Here is an example of such a file:
https://drive.google.com/file/d/1MrB0O5ODbeIrr7yP6ZMALd2DZXZeWuw9/view?usp=sharing
I would like to ask whether support for indexing this type of file might be possible in the future, or if there is an add-on that could help to do it?
Thanks!
In my work, I rely heavily on Chinese national standards, and it would be extremely helpful if Zotero could manage my large collection of such files. Unfortunately, Zotero currently seems unable to index these PDF files, which prevents it from generating the .zotero-ft-cache needed for global searching, even though the PDFs themselves are text searchable.
Here is an example of such a file:
https://drive.google.com/file/d/1MrB0O5ODbeIrr7yP6ZMALd2DZXZeWuw9/view?usp=sharing
I would like to ask whether support for indexing this type of file might be possible in the future, or if there is an add-on that could help to do it?
Thanks!
The first step for metadata retrieval would be to identify a reliable source for that metadata - there would be further requirements after that, but this one is essential (and not always possible for standards, unfortunately). Perhaps you can list the original source of the PDF, so that someone could take a look?

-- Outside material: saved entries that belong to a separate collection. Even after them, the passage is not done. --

Lemma lift_to_corner N m k : lift_to N 0 (corner Itms m k) = corner (Fn N) m k.
Proof.
  induction N as [|N IH].
  - apply lift_to_id.
  - rewrite lift_to_succ by lia. rewrite IH. apply (tripointed_corner _ _ _ (emb_tripointed N)).
Qed.

Lemma lift_to_tens N n m (x : Fn n) : (n <= N)%nat ->
  lift_to (succ N) (succ n) (tens (Fn n) m x) = tens (Fn N) m (lift_to N n x).
Proof.
  intros H. destruct (Nat.le_exists_sub n N H) as [t [-> _]]. clear H.
  induction t as [|t IH].
  - simpl plus. rewrite !lift_to_id. reflexivity.
  - change (succ t + n)%nat with (succ (t + n)).
    rewrite lift_to_succ by lia. rewrite IH. simpl emb.
    rewrite (Fmap_tens _ _ _ (Fn_ptms _) (Fn_separated _) (Fn_ptms (succ (t + n)))
               (emb_tripointed _)).
    rewrite lift_to_succ by lia. reflexivity.
Qed.

Lemma tdist_G_lift_to N n (x : Fn n) n' (y : Fn n') m m' : (n <= N)%nat -> (n' <= N)%nat ->
  tdist G (m, clsG (existT _ n x)) (m', clsG (existT _ n' y)) =
  tdist (Fn N) (m, lift_to N n x) (m', lift_to N n' y).
Proof.
  intros H1 H2. unfold tdist; cbn [fst snd]. rewrite dist_clsG, (dGraw_lift_to N) by lia.
  assert (Hc : forall o (z : Fn o) m, (o <= N)%nat ->
            (fun k => dist (clsG (existT _ o z)) (corner G m k)) =
            (fun k => dist (lift_to N o z) (corner (Fn N) m k))).
  { intros o z m0 Ho. apply functional_extensionality; intros k.
    rewrite corner_G, dist_clsG, (dGraw_lift_to N), lift_to_corner by lia. reflexivity. }
  rewrite !Hc by lia. reflexivity.
Qed.

Lemma dist_Fn_tens N m n (x y : Fn N) :
  @dist (Fn (succ N)) (tens (Fn N) m x) (tens (Fn N) n y) = tdist (Fn N) (m,x) (n,y).
Proof. apply tens_dist, Fn_ptms. Qed.

Lemma galg_spec (z : Ften G) : exists n m (y : Fn n),
  galg z = clsG (existT _ (succ n) (tens (Fn n) m y)) /\
  tdist G (mrep z) (m, clsG (existT _ n y)) = 0.
Proof.
  unfold galg. destruct (mrep z) as [m u]; simpl.
  pose proof (clsG_mrep u) as Hu.
  destruct (mrep u) as [n x]. exists n, m, x. split; [reflexivity|].
  rewrite Hu. apply tdist_refl, G_ptms.
Qed.

Lemma galg_tens_dist m (u : G) n' m' (y : Fn n') :
  dist (galg (tens G m u)) (clsG (existT _ (succ n') (tens (Fn n') m' y))) =
  tdist G (m,u) (m', clsG (existT _ n' y)).
Proof.
  destruct (galg_spec (tens G m u)) as [n [m1 [x [E1 E2]]]]. rewrite E1.
  rewrite dist_clsG, (dGraw_lift_to (succ (n + n'))), !lift_to_tens by lia.
  rewrite dist_Fn_tens, <- tdist_G_lift_to by lia.
  rewrite (tdist_eq0_compat_l G G_ptms (m,u) (mrep (tens G m u)))
    by (apply tdist_mrep_tens, G_ptms).
  symmetry. apply tdist_eq0_compat_l; [apply G_ptms|exact E2].
Qed.

Lemma galg_dist m (u : G) m' (v : G) :
  dist (galg (tens G m u)) (galg (tens G m' v)) = tdist G (m,u) (m',v).
Proof.
  destruct (galg_spec (tens G m' v)) as [n [m1 [x [E1 E2]]]]. rewrite E1, galg_tens_dist.
  apply tdist_eq0_compat_r; [apply G_ptms|].
  pose proof (tdist_mrep_tens G G_ptms m' v).
  pose proof (tdist_tri G G_ptms (m',v) (mrep (tens G m' v)) (m1, clsG (existT _ n x))).
  pose proof (tdist_ge0 G G_ptms (m',v) (m1, clsG (existT _ n x))). 
  pose proof (tdist_sym G G_ptms (m',v) (m1, clsG (existT _ n x))). lra.
Qed.

Lemma galg_corner m : galg (tens G m (corner G m m)) = corner G m m.
Proof.
  assert (E : corner G m m = clsG (existT _ 1%nat (tens (Fn 0) m (corner Itms m m)))).
  { rewrite corner_G. apply clsG_eq.
    rewrite (dGraw_lift_to 1), lift_to_id, lift_to_succ by lia. simpl lift_to.
    destruct m; apply (ptms_refl (Fn_ptms 1)). }
  apply G_separated. rewrite E at 2. rewrite galg_tens_dist, <- corner_G.
  apply tdist_refl, G_ptms.
Qed.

Yes, I understand that the metadata of a document can be obtained either from the website (translator) or directly from the PDF. For example, metadata for Chinese national standards can be found here:
https://openstd.samr.gov.cn/bzgk/gb/newGbInfo?hcno=5CD35A41D3B485E0F073F68EF987246D
and the Jasmine add-on is able to recognize this information. At the very least, I can even enter the metadata manually.
However, this does not solve the problem of generating the .zotero-ft-cache required for global searching. When I right-click the PDF and select reindex, nothing happens. From what I’ve searched, Zotero uses pdftotext (?) to generate the index for PDFs. Do you think there’s a way I could manually generate this?
Thanks!
Using pdftotext, I can indeed extract some text from your PDF, but it isn't the only place where something could go wrong. I hope someone with a better knowledge of that specific functionality can offer more assistance.